◆ Work instruction ◆
Determine how many lines in the material below contain the word "symB", and give that number without comment.

· · · · · · ·

Lemma integral_comp_eq_law {d d'} {T : measurableType d}
    {T' : measurableType d'} {R : realType} {P : {measure set T -> \bar R}}
    {Z Z' : T -> T'} {F : T' -> \bar R} :
  measurable_fun setT Z -> measurable_fun setT Z' -> measurable_fun setT F ->
  (forall X, measurable X -> P (Z @^-1` X) = P (Z' @^-1` X)) ->
  P.-integrable setT (F \o Z) -> P.-integrable setT (F \o Z') ->
  (\int[P]_t (F \o Z) t = \int[P]_t (F \o Z') t)%E.
Proof.
move=> mZ mZ' mF lawE iFZ iFZ'.
rewrite -[LHS](integral_pushforward mZ mF iFZ measurableT).
rewrite -[RHS](integral_pushforward mZ' mF iFZ' measurableT).
by apply: eq_measure_integral => X mX _; exact: lawE.
Qed.

Section reflection_invariance.
Context {R : realType} {d d1 d2 : measure_display} {T : measurableType d}.
Context {T1 : measurableType d1} {T2 : measurableType d2}.
Context {P : probability T R} {U : T -> R} {V : T -> T1} {W : T -> T2}.
Context {f : R -> R} {mu : R}.
Hypotheses (mU : measurable_fun setT U) (mV : measurable_fun setT V)
  (mW : measurable_fun setT W).
Hypotheses (mf : measurable_fun setT f) (f_ge0 : forall x, 0 <= f x)
  (f_sym : forall t, f (mu + t) = f (mu - t)) (dU : has_density P U f)
  (iU : P.-integrable setT (EFin \o U)).
Hypothesis indep3 :
  forall A B C, measurable A -> measurable B -> measurable C ->
  P (U @^-1` A `&` V @^-1` B `&` W @^-1` C) =
  (P (U @^-1` A) * P (V @^-1` B) * P (W @^-1` C))%E.

Let U' t := mu + mu - U t.
Let VW t := (V t, W t).
Let Z t := (U t, VW t).
Let Z' t := (U' t, VW t).

Let mU' : measurable_fun setT U'.
Proof. exact: measurableT_comp (measurable_subr _) mU. Qed.

Let mVW : measurable_fun setT VW.
Proof. exact: measurable_fun_pair. Qed.

Let mZ : measurable_fun setT Z.
Proof. exact: measurable_fun_pair. Qed.

Let mZ' : measurable_fun setT Z'.
Proof. exact: measurable_fun_pair. Qed.

Lemma reflect_joint_law_rectangle A D : measurable A -> measurable D ->
  P (U' @^-1` A `&` VW @^-1` D) = P (U @^-1` A `&` VW @^-1` D).
Proof.
move=> mA mD; rewrite !(setIC _ (VW @^-1` D)).
change (mrestr P (measurableT_preimage mU' mA) (VW @^-1` D) =
        mrestr P (measurableT_preimage mU mA) (VW @^-1` D)).
apply: measure_preimage_unique_rectangles => //.
  apply: le_lt_trans (probability_le1 P _) (ltry _).
  exact: measurableI (measurableT_preimage mU' mA).
move=> B C mB mC; rewrite /= /mrestr.
have -> : VW @^-1` (B `*` C) = V @^-1` B `&` W @^-1` C by [].
have mrA : measurable ((fun x => mu + mu - x) @^-1` A).
  exact: measurableT_preimage (measurable_subr _) mA.
rewrite !(setIC (V @^-1` B `&` W @^-1` C)) !setIA.
rewrite (indep3 _ _ _ mrA mB mC) indep3 //.
by rewrite (has_density_reflect mf f_ge0 f_sym dU _ mA).
Qed.

Lemma reflect_joint_law X : measurable X -> P (Z' @^-1` X) = P (Z @^-1` X).
Proof.
apply: measure_preimage_unique_rectangles.
- exact: mZ'.
- exact: mZ.
- exact: le_lt_trans (probability_le1 P measurableT) (ltry _).
- by move=> A D mA mD; exact: reflect_joint_law_rectangle.
Qed.

Lemma integral_centered_reflect_invariant (B : set (R * (T1 * T2))) :
  measurable B -> (forall x y, B (mu + mu - x, y) = B (x, y)) ->
  (\int[P]_(t in Z @^-1` B) (U t - mu)%:E = 0)%E.
Proof.
move=> mB symB.
pose F := (fun z : R * (T1 * T2) => (z.1 - mu)%:E) \_ B.
have mF : measurable_fun setT F.
  apply/(measurable_restrictT _ mB); apply: measurable_funTS.
  apply/measurable_EFinP.
  by apply: measurable_funB => //; exact: measurable_fst.
have mE : measurable (Z @^-1` B) := measurableT_preimage mZ mB.
have iFZ : P.-integrable setT (F \o Z).
  apply/(integrable_mkcond _ mE).
  exact: integrableS measurableT mE (@subsetT _ _) (integrable_subr_cst mu iU).
have FZ'E : F \o Z' = -%E \o (F \o Z).
  apply/funext => t; rewrite /F /patch /=.
  have -> : (Z' t \in B) = (Z t \in B).
    by apply/idP/idP => /set_mem Bt; apply/mem_set; move: Bt;
      rewrite /Z' /U' symB.
  case: ifP => _; last by rewrite oppe0.
  by rewrite -EFinN /U'; congr (_%:E); ring.
have iFZ' : P.-integrable setT (F \o Z') by rewrite FZ'E; exact: integrableN.
rewrite integral_mkcond -[_ \_ _]/(F \o Z).
apply: fin_num_eq_oppe; first exact: (integrable_fin_num measurableT iFZ).
rewrite -integralN; last first.
  by rewrite fin_num_adde_defl // fin_numN; exact: integrable_neg_fin_num iFZ.
transitivity (\int[P]_t (F \o Z') t)%E; last by rewrite FZ'E.
apply: integral_comp_eq_law mZ mZ' mF _ iFZ iFZ' => X mX.
exact/esym/reflect_joint_law.
Qed.

Lemma integral_reflect_invariant (B : set (R * (T1 * T2))) :
  measurable B -> (forall x y, B (mu + mu - x, y) = B (x, y)) ->
  (\int[P]_(t in Z @^-1` B) (U t)%:E = \int[P]_(t in Z @^-1` B) mu%:E)%E.
Proof.
move=> mB symB; have mE : measurable (Z @^-1` B) := measurableT_preimage mZ mB.
transitivity (\int[P]_(t in Z @^-1` B) ((U t - mu)%:E + mu%:E))%E.
  by apply: eq_integral => t _; rewrite -EFinD subrK.
rewrite integralD //; last 2 first.
- exact: integrableS measurableT mE (@subsetT _ _) (integrable_subr_cst mu iU).
- exact: (finite_measure_integrable_cst P mu mE).
by rewrite integral_centered_reflect_invariant // add0e.
Qed.

End reflection_invariance.

Section reveal_or_mean.
Context {R : realType} {d : measure_display} {T : measurableType d}.
Context {P : probability T R} {n : nat} {psi : R -> 'I_n}.
Context {U V W : T -> R} {f : R -> R} {mu : R}.
Hypotheses (mU : measurable_fun setT U) (mV : measurable_fun setT V)
  (mW : measurable_fun setT W).
Hypotheses (mf : measurable_fun setT f) (f_ge0 : forall x, 0 <= f x)
  (f_sym : forall t, f (mu + t) = f (mu - t)) (dU : has_density P U f)
  (iU : P.-integrable setT (EFin \o U)).
Hypothesis indep3 :
  forall A B C, measurable A -> measurable B -> measurable C ->
  P (U @^-1` A `&` V @^-1` B `&` W @^-1` C) =
  (P (U @^-1` A) * P (V @^-1` B) * P (W @^-1` C))%E.
Hypothesis psi_meas : forall i, measurable [set x : R | psi x = i].
Context {revealed : 'I_n -> R -> R -> bool}.
Hypothesis revealed_meas :
  forall m, measurable_fun setT (fun z : R * R => revealed m z.1 z.2).
Hypothesis revealed_reflect :
  forall m x y, revealed m (mu + mu - x) y = revealed m x y.
Context {s1 s2 : nat} {Y : T -> nat * R} {g : nat * R -> 'I_n -> R}.
Hypothesis s12 : s1 != s2.
Hypothesis YE : forall t,
  Y t = if revealed (psi (W t)) (U t) (V t) then (s1, U t) else (s2, V t).
Hypotheses (g_revealed : forall x m, g (s1, x) m = x)
  (g_hidden : forall x m, g (s2, x) m = mu).

Let M t := psi (W t).
Let shown t := revealed (M t) (U t) (V t).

· · · · · · ·

◆ Result for this task ◆
3